No but I will have printed out all the email correspondence which will have the head dude pointing out there regulations.
Now if at check in stage they want to get funny I'll hand that lot over with his number and say "So good sir! Your not going with what the boss say's hmmm let me get him on the line....."
It's been listed here you need to do your home work and be prepared. Then if a shit fight dose start you have at lest start with the upper hand.
Most a check in don't give a monkeys but you do get the one who is a vegan our safe member now and again.  
Last time I came into nz all the cop wanted to know was my X spot  :Grin:  funny bugger

----------


## distant stalker

I've had mixed experiences, fine flying with ammo in plastic box one day, next day wanted it in factory box, when I queried them on why though they looked at the plastic box and decided it held everything sufficiently securely so got there in the end

----------


## zimmer

> No but I will have printed out all the email correspondence which will have the head dude pointing out there regulations.
> Now if at check in stage they want to get funny I'll hand that lot over with his number and say "So good sir! Your not going with what the boss say's hmmm let me get him on the line....."
> It's been listed here you need to do your home work and be prepared. Then if a shit fight dose start you have at lest start with the upper hand.
> Most a check in don't give a monkeys but you do get the one who is a vegan our safe member now and again.  
> Last time I came into nz all the cop wanted to know was my X spot  funny bugger


Most of my flying issues have been entering of leaving NZ. Mostly no probs elsewhere although I did have the Oz Federal Police temporarily confiscate my guns once on arrival there.

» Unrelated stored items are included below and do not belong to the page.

(* Let $\mathbb X,\mathbb Y$ be Euclidean spaces, $\Phi\colon\mathbb X\rightrightarrows\mathbb Y$ with closed graph, $(\bar x,\bar y)\in\operatorname{gph}\Phi$, $u\in\mathbb S_{\mathbb X}$ and $\gamma>1$. Assume $A^\gamma(u)$ holds, i.e., $\ker D^*_\gamma\Phi((\bar x,\bar y);(u,0))\subset\{0\}$ and for all $\alpha,\beta\ge0$ $$\widetilde D^*_\gamma\Phi((\bar x,\bar y);(u,0))(0)\cup\bigcup_{w\in\mathbb S_{\mathbb Y}}D^*_\gamma\Phi((\bar x,\bar y);(u,\alpha w))(\beta w)\subset\operatorname{Im}D^*\Phi(\bar x,\bar y).$$ Then $\Phi$ is asymptotically regular at $(\bar x,\bar y)$ in direction $u$.
   Context: Pseudo-coderivative of order $\gamma$ ($u\in\mathbb S_{\mathbb X}$, $v\in\mathbb Y$): $x^*\in D^*_\gamma\Phi((\bar x,\bar y);(u,v))(y^* )$ iff there are $u_k\to u$, $v_k\to v$, $t_k\downarrow0$, $x_k^*\to x^*$, $y_k^*\to y^*$ with $(x_k^*,-y_k^*/(t_k\|u_k\|)^{\gamma-1})\in\widehat{\mathcal N}_{\operatorname{gph}\Phi}(\bar x+t_ku_k,\bar y+(t_k\|u_k\|)^\gamma v_k)$ for all $k$; Gfrerer's pseudo-coderivative $\widetilde D^*_\gamma$ uses instead the point $(\bar x+t_ku_k,\bar y+t_kv_k)$. $\ker\Psi=\{y^*\mid0\in\Psi(y^* )\}$. $D^*\Phi(x,y)(y^* )=\{x^*\mid(x^*,-y^* )\in\mathcal N_{\operatorname{gph}\Phi}(x,y)\}$, $\widehat D^*$ the same with the regular normal cone $\widehat{\mathcal N}$, $\operatorname{Im}D^*\Phi(\bar x,\bar y)=\bigcup_{y^*}D^*\Phi(\bar x,\bar y)(y^* )$. Asymptotic regularity in direction $u$: for all $(x_k,y_k)\in\operatorname{gph}\Phi$, $x_k^*$, $\lambda_k$, $x^*$, $y^*$ with $x_k\notin\Phi^{-1}(\bar y)$, $y_k\ne\bar y$, $x_k^*\in\widehat D^*\Phi(x_k,y_k)(\lambda_k)$ for all $k$ and $x_k\to\bar x$, $y_k\to\bar y$, $x_k^*\to x^*$, $\frac{x_k-\bar x}{\|x_k-\bar x\|}\to u$, $\frac{y_k-\bar y}{\|x_k-\bar x\|}\to0$, $\frac{\|y_k-\bar y\|}{\|x_k-\bar x\|}\lambda_k\to y^*$, $\|\lambda_k\|\to\infty$, $\frac{y_k-\bar y}{\|y_k-\bar y\|}-\frac{\lambda_k}{\|\lambda_k\|}\to0$, one has $x^*\in\operatorname{Im}D^*\Phi(\bar x,\bar y)$. *)

From mathcomp Require Import all_boot all_order all_algebra.
From mathcomp Require Import all_classical all_reals exp.
Set Implicit Arguments. Unset Strict Implicit. Unset Printing Implicit Defensive.
Import Order.TTheory GRing.Theory Num.Theory.
Local Open Scope ring_scope.
Local Open Scope classical_set_scope.

Section Defs.
Variable R : realType.

Definition dotv n (u v : 'rV[R]_n) : R := \sum_(i < n) u 0 i * v 0 i.
Definition enorm n (u : 'rV[R]_n) : R := Num.sqrt (dotv u u).
Definition pnorm n m (a : 'rV[R]_n) (b : 'rV[R]_m) : R :=
  Num.sqrt (dotv a a + dotv b b).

But that’s another story.

The average cop here unfortunately knows nothing about FAs. That was proven on one of my flights out from Auckland where I contacted the cops to advise of my departure with a FA. The young guy came to me in departures area, read heaps of people, to do his thing. Unbelievable. On getting the rifle out of the case a clear zone of 15 meters around me immediately occurred. The rifle in question was a muzzle loader. He instructed that I “break open the action” (shotgun speak maybe) so that he could determine the rifle was not loaded. I said it was a muzzle loader and it didn’t open up like a bolt gun. All that did was cause him to instruct again in a louder voice and the people free area around me expanded.  Eventually I was able to convince him by using the ram rod down the barrel that the rifle was charge free.

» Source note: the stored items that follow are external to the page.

Lemma sum_shift_sub_le (R : numDomainType) (u : nat -> R) :
  {homo u : i j / (i <= j)%N >-> i <= j} -> (forall i, 0 <= u i <= 1) ->
  forall K M, \sum_(j < M) (u (j + K)%N - u j) <= K%:R.
Proof.
move=> + + K; elim: K u => [|K IH] u u_nd u01 M.
  by rewrite big1 // => j _; rewrite addn0 subrr.
have -> : \sum_(j < M) (u (j + K.+1)%N - u j) =
    \sum_(j < M) ((u (j.+1 + K)%N - u j.+1) + (u j.+1 - u j)).
  by apply: eq_bigr => j _; rewrite addnS -addSn addrA subrK.
rewrite big_split /= -addn1 natrD lerD //.
  by apply: (IH (u \o S)) => [i j ij|i]; [apply: u_nd | apply: u01].
rewrite -(big_mkord xpredT (fun j => u j.+1 - u j)) telescope_sumr //.
by have [/andP[_ uM1] /andP[u00 _]] := (u01 M, u01 0%N); rewrite -[1]subr0 lerB.
Qed.

Section monotone_shift_integral.
Variables (R : realType) (psi : R -> R).
Hypotheses (psi_nd : {homo psi : s t / s <= t}) (psi01 : forall s, 0 <= psi s <= 1).

Lemma shift_sub_le_grid_step (h T s : R) (N : nat) : 0 < h -> 0 <= s <= T ->
  psi s - psi (s - N%:R * h) <= \sum_(j < (Num.truncn (T / h)).+1)
    (psi ((j + N.+1)%N%:R * h - N%:R * h) - psi (j%:R * h - N%:R * h)) *
      \1_[set` `[j%:R * h, j.+1%:R * h[] s.
Proof.
move=> h0 /andP[s0 sT]; have sh0 : 0 <= s / h by rewrite divr_ge0 // ltW.
set j0 := Num.truncn (s / h).
have j0M : (j0 < (Num.truncn (T / h)).+1)%N.
  by rewrite ltnS le_truncn // ler_pM2r ?invr_gt0.
have /andP[j0s sj0] := truncn_itv sh0.
rewrite -/j0 ler_pdivlMr // in j0s; rewrite -/j0 ltr_pdivrMr // in sj0.
rewrite (bigD1 (Ordinal j0M)) //= indicE mem_set /=; last first.
  by rewrite in_itv /= j0s sj0.
apply: ler_wpDr.
  apply: sumr_ge0 => j _; rewrite mulr_ge0 // ?indicE ?ler0n //.
  by rewrite subr_ge0 psi_nd // lerD2r ler_pM2r // ler_nat leq_addr.
rewrite mulr1 lerB // psi_nd //; last lra.
by rewrite natrD -addn1 natrD; lra.
Qed.

Lemma measurable_shift_sub (D : set R) (d : R) : measurable D ->
  measurable_fun D (fun s => (psi s - psi (s - d))%:E).
Proof.
move=> mD; apply/measurable_EFinP/measurable_funB.
  exact: nondecreasing_measurable.
by apply: nondecreasing_measurable => // s t st; rewrite psi_nd // lerD2r.
Qed.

When we eventually returned to NZ to live I had 5 FAs with me. They took me off to one side and thru a separate lane, showed no interest in the rest of our goods, and sent us on our way miles ahead of all the other poor passengers.

Sorry, bit off topic.

----------


## Sideshow

Thanks Rushy I look forward to my speedy boarding  :Thumbsup:

----------


## Sideshow

Right just got my confirmation that I can take my firearms on the Flight. 
Emirates have been most helpful. Even emailed me when they could not open my jpegs of licenses etc. Looks like a good service so far :Thumbsup: 
Emailed the head Dude about the ammunition. 
His reply was fairly bog standard :Sad:  so I've gone out and brought a small lock box which I can fit the packets of ammo in and lock. 
Sterling -Hook Cash Box | Portable & Diversion Safes | Screwfix.com
Weight is bugger all. This will then go in my suitcase, which is what they want anyway. 
Can't do much more than that. I'll let you know how I get on :Have A Nice Day:

----------


## Ryan

Can't open a JPEG file? Cripes what computer are they using, an abacus?

----------


## Rushy

> Can't open a JPEG file? Cripes what computer are they using, an abacus?

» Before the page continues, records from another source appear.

(* Let $C>0$ and for each $A>1$ let $\mathcal{D}_A=\{(\mathbf f,\mathbf g,\mathbf F,\mathbf G,\mathbf u,\mathbf v)\in\mathbb{R}^6:\ \mathbf u,\mathbf v>0,\ 1\le\mathbf u\mathbf v\le A,\ \mathbf f^2\le\mathbf F\mathbf v,\ \mathbf g^2\le\mathbf G\mathbf u\}$ and let $\mathcal{B}_A:\mathcal{D}_A\to\mathbb{R}$ be functions such that (i) $0\le\mathcal{B}_A(X)\le CA\mathbf F^{1/2}\mathbf G^{1/2}$ for all $X\in\mathcal{D}_A$, and (ii) for all $X,X_1,X_2\in\mathcal{D}_A$ with $X=(X_1+X_2)/2$, $\mathcal{B}_A(X)\ge\frac12(\mathcal{B}_A(X_1)+\mathcal{B}_A(X_2))+|\mathbf f_1-\mathbf f_2|\cdot|\mathbf g_1-\mathbf g_2|$, where $\mathbf f_i,\mathbf g_i$ are the first two coordinates of $X_i$. Fix $A>1$, $n\ge1$ and a dyadic interval $I_0\subset\mathbb{R}$, and suppose that for every $I\in\operatorname{chld}_k(I_0)$, $0\le k\le n$, a point $X_I=(\mathbf f_I,\mathbf g_I,\mathbf F_I,\mathbf G_I,\mathbf u_I,\mathbf v_I)\in\mathcal{D}_A$ is given such that $X_I=(X_{I_1}+X_{I_2})/2$ whenever $I\in\operatorname{chld}_k(I_0)$, $0\le k<n$, and $I_1,I_2$ are the children of $I$. Then, with $A'=4.5A$, \[ \Bigl(2^{-n}\!\!\sum_{I\in\operatorname{chld}_n(I_0)}|\mathbf f_I-\mathbf f_{I_0}|\Bigr)\Bigl(2^{-n}\!\!\sum_{I\in\operatorname{chld}_n(I_0)}|\mathbf g_I-\mathbf g_{I_0}|\Bigr)\le 72\Bigl(\mathcal{B}_{A'}(X_{I_0})-2^{-n}\!\!\sum_{I\in\operatorname{chld}_n(I_0)}\mathcal{B}_{A'}(X_I)\Bigr). \]
   Context: For a dyadic interval $I$, $\operatorname{chld}_0(I)=\{I\}$ and $\operatorname{chld}_k(I)$ is the set of the $2^k$ dyadic subintervals of $I$ of length $2^{-k}|I|$. Note $\mathcal{D}_A\subset\mathcal{D}_{A'}$ for $A\le A'$. *)

From Stdlib Require Import Reals List.
Open Scope R_scope.

Record Pt := mkPt { pf : R; pg : R; pF : R; pG : R; pu : R; pv : R }.

Definition inD (A : R) (X : Pt) : Prop :=
  0 < pu X /\ 0 < pv X /\ 1 <= pu X * pv X /\ pu X * pv X <= A /\
  (pf X) ^ 2 <= pF X * pv X /\ (pg X) ^ 2 <= pG X * pu X.

Definition is_mid (X X1 X2 : Pt) : Prop :=
  pf X = (pf X1 + pf X2) / 2 /\ pg X = (pg X1 + pg X2) / 2 /\
  pF X = (pF X1 + pF X2) / 2 /\ pG X = (pG X1 + pG X2) / 2 /\
  pu X = (pu X1 + pu X2) / 2 /\ pv X = (pv X1 + pv X2) / 2.

Definition rsum (m : nat) (a : nat -> R) : R :=
  fold_right Rplus 0 (map a (seq 0 m)).

(* Average over the 2^n dyadic intervals of generation n:
   2^{-n} * sum_{j < 2^n} a j. *)
Definition davg (n : nat) (a : nat -> R) : R :=
  / (2 ^ n) * rsum (Nat.pow 2 n) a.

From Stdlib Require Import Reals List Lra Lia Psatz.
Open Scope R_scope.

(* Let [b := B_(9A/2)] and let [G] be its concavity gap between the root and the average of
   the leaves. For weights [k] with values in [[-1, 1]], reweight the leaves by
   [1 +- (k - avg k) / 5]. By a Jensen inequality for [b] along the dyadic tree, each of the
   two reweighted averages of the leaf points lies in [D_(9A/2)] and has [b]-value at least
   the reweighted average of the leaf values; their midpoint is the root, so concavity at the
   root yields [G >= (4/25) |avg k (f - f_0)| |avg k (g - g_0)|]. Choosing [k] among
   [sgn (f - f_0)], [sgn (g - g_0)] and their mean gives the bound on the product of the two
   mean deviations. *)

Lemma fold_right_Rplus_init (l : list R) (c : R) :
  fold_right Rplus c l = fold_right Rplus 0 l + c.
Proof. induction l as [|x l IH]; simpl; [lra | rewrite IH; lra]. Qed.

Lemma rsum_S m a : rsum (S m) a = rsum m a + a m.
Proof.
  unfold rsum. rewrite seq_S, map_app, fold_right_app. simpl.
  rewrite fold_right_Rplus_init. lra.
Qed.

Lemma rsum_ext m a b : (forall i, (i < m)%nat -> a i = b i) -> rsum m a = rsum m b.
Proof. induction m; intros H; [reflexivity|]. rewrite !rsum_S, IHm, H; auto. Qed.

Lemma rsum_le m a b : (forall i, (i < m)%nat -> a i <= b i) -> rsum m a <= rsum m b.
Proof.
  induction m as [|m IH]; intros H; [apply Rle_refl|]. rewrite !rsum_S.
  apply Rplus_le_compat; [apply IH | apply H]; auto.
Qed.

Lemma rsum_lin m x y p q :
  rsum m (fun i => x * p i + y * q i) = x * rsum m p + y * rsum m q.
Proof. induction m; [unfold rsum; simpl; ring|]. rewrite !rsum_S, IHm. ring. Qed.

Lemma rsum_const m c : rsum m (fun _ => c) = c * INR m.
Proof. induction m; [unfold rsum; simpl; ring|]. rewrite rsum_S, IHm, S_INR. ring. Qed.

Lemma rsum_abs m a : Rabs (rsum m a) <= rsum m (fun i => Rabs (a i)).
Proof.
  induction m; [unfold rsum; simpl; rewrite Rabs_R0; lra|]. rewrite !rsum_S.
  eapply Rle_trans; [apply Rabs_triang | lra].
Qed.

Lemma rsum_add p q a : rsum (p + q) a = rsum p a + rsum q (fun i => a (p + i)%nat).
Proof.
  induction q; [rewrite Nat.add_0_r; unfold rsum at 3; simpl; ring|].
  rewrite Nat.add_succ_r, !rsum_S, IHq. ring.
Qed.

Lemma pow2_INR n : INR (Nat.pow 2 n) = 2 ^ n.
Proof. rewrite pow_INR. reflexivity. Qed.

Lemma davg_ext n a b : (forall l, a l = b l) -> davg n a = davg n b.
Proof. intros H. unfold davg. f_equal. apply rsum_ext. auto. Qed.

Lemma davg_lin n x y p q :
  davg n (fun l => x * p l + y * q l) = x * davg n p + y * davg n q.
Proof. unfold davg. rewrite rsum_lin. ring. Qed.

Lemma davg_const n c : davg n (fun _ => c) = c.
Proof.
  unfold davg. rewrite rsum_const, pow2_INR. field. apply pow_nonzero. lra.
Qed.

Lemma davg_le n a b : (forall l, a l <= b l) -> davg n a <= davg n b.
Proof.
  intros H. unfold davg. apply Rmult_le_compat_l.
  - left. apply Rinv_0_lt_compat, pow_lt. lra.
  - apply rsum_le. auto.
Qed.

Lemma davg_abs n a : Rabs (davg n a) <= davg n (fun l => Rabs (a l)).
Proof.
  unfold davg. rewrite Rabs_mult, Rabs_right.
  - apply Rmult_le_compat_l; [|apply rsum_abs].
    left. apply Rinv_0_lt_compat, pow_lt. lra.
  - left. apply Rinv_0_lt_compat, pow_lt. lra.
Qed.
Lemma davg_mean_mul n x y h :
  davg n (fun l => (/ 2 * x l + / 2 * y l) * h l)
  = (davg n (fun l => x l * h l) + davg n (fun l => y l * h l)) / 2.
Proof.
  rewrite (davg_ext _ _ (fun l => / 2 * (x l * h l) + / 2 * (y l * h l))) by (intros; ring).
  rewrite davg_lin. field.
Qed.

Ryan you are normally quite particular about accuracy of statement but I see a flaw in your post.  An Abacus is not a computer coz it doesn't have a USB port.

----------


## Ryan

> Ryan you are normally quite particular about accuracy of statement but I see a flaw in your post.  An Abacus is not a computer coz it doesn't have a USB port.


Rushy, given that you're a dad and a granddad, you are legally entitled to make such jokes.

----------


## Sideshow

I think it was how I scanned them? Still not sure but once I put it up as PDF it went through fine.
What I liked is that they got in contact saying that they could not open them.
Don't know of another airline that would bother especially coming from there head office!

----------


## gadgetman

> I think it was how I scanned them? Still not sure but once I put it up as PDF it went through fine.
> What I liked is that they got in contact saying that they could not open them.
> Don't know of another airline that would bother especially coming from there head office!


Quite often the email system is set up so the staff cannot open the attachments even though the software is loaded to view it. This is to avoid accidentally opening something dodgy that can bring the whole system to a halt. They can view the type of file, just not from an email.

----------


## Sideshow

Well sitting in the departure lounge at Heathrow T3.
Now what I went through for the last hour was......interesting  :Wtfsmilie: 
Airline was fine yes sir all present and correct  :Thumbsup:  packed ammo correct guns correct  :Thumbsup: 
Wicked me thinks :ORLY: 
Now comes the terminal staff :Zomg:  really what a bunch of fucken morons!!!!!
Luckily I had one guy that saw the light when I produced all the paper work.
One look and he says cool you done ya home work I'll sort it for you.
Tells dip shit on the exray machine....."listen love it's not loaded even I can see that"!
Then I hear you can't take ammo on the plane!
He says again no it's going in the hole!  Hear again look he can't take it on the plane! He says look there is no way that that 28kg back is going in the over head locker! It's going in the hold! Oh ok then :Wtfsmilie:  :XD: 
God it's like the blind leading the blind :O O: 
Anyway my flights been called see you all in a days time :Sick:  :O O:  :Wtfsmilie: 
Tell someone up there to turn the heat up as it's 28 here today :Thumbsup:

----------


## Blisters

Heading to nelson 3rd april, anyone know anymore about ammo and rifles on air nz, really need a double gun case too

----------


## Moutere

Regarding people getting caught out with original packaging and their ammunition. My best guess is it relates to correctly labelling DGs

From the website:
_Airline safety requirements
Ammunition must be securely packed in division 1.4S (UN0012 or UN0014) and must not exceed 5kg gross weight._

----------


## Russian 22.

> Heading to nelson 3rd april, anyone know anymore about ammo and rifles on air nz, really need a double gun case too


I talked to my dad who works at the airport and some of his colleagues. I didn't seem to get a consistent answer.  It seemed like ammo in separate case to rifle and bolt on your persons in your carry on was what they wanted. Best to call someone high up and see what they say.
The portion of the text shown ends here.